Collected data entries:
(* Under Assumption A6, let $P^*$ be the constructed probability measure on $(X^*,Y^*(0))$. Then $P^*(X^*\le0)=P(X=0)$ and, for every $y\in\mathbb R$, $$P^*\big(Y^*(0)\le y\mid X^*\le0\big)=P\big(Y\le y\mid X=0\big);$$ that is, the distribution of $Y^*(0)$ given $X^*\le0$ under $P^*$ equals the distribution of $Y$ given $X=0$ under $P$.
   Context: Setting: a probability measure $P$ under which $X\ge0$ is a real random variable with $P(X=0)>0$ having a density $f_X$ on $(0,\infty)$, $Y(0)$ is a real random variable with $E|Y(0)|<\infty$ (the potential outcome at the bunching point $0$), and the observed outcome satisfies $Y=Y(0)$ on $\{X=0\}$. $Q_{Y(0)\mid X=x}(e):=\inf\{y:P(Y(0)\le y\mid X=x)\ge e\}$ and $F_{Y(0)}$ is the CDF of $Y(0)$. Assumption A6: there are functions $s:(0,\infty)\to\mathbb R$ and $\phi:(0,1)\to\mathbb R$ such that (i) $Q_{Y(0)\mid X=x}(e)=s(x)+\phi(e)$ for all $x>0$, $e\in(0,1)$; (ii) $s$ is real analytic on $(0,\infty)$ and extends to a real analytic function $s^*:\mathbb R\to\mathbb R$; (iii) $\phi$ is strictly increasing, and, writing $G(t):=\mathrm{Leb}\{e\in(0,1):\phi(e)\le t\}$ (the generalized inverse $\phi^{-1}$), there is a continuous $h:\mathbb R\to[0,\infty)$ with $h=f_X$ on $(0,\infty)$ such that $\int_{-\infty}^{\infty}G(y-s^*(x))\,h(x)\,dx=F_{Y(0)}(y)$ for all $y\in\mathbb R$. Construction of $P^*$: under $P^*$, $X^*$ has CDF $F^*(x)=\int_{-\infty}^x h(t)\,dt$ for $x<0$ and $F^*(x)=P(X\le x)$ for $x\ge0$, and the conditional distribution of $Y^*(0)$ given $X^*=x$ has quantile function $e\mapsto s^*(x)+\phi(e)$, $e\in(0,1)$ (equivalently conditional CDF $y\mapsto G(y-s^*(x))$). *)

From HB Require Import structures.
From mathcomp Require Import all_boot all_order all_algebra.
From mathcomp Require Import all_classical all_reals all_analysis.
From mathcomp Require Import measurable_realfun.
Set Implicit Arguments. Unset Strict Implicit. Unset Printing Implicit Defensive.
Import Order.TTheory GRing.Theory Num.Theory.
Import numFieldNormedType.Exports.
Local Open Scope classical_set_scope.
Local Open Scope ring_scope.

Task statement:
Please retype, exactly as written, every line from the line containing "Set Implicit Arguments." through the last line of the records above, including both of those lines, and nothing else.

Result for this task:
Set Implicit Arguments. Unset Strict Implicit. Unset Printing Implicit Defensive.
Import Order.TTheory GRing.Theory Num.Theory.
Import numFieldNormedType.Exports.
Local Open Scope classical_set_scope.
Local Open Scope ring_scope.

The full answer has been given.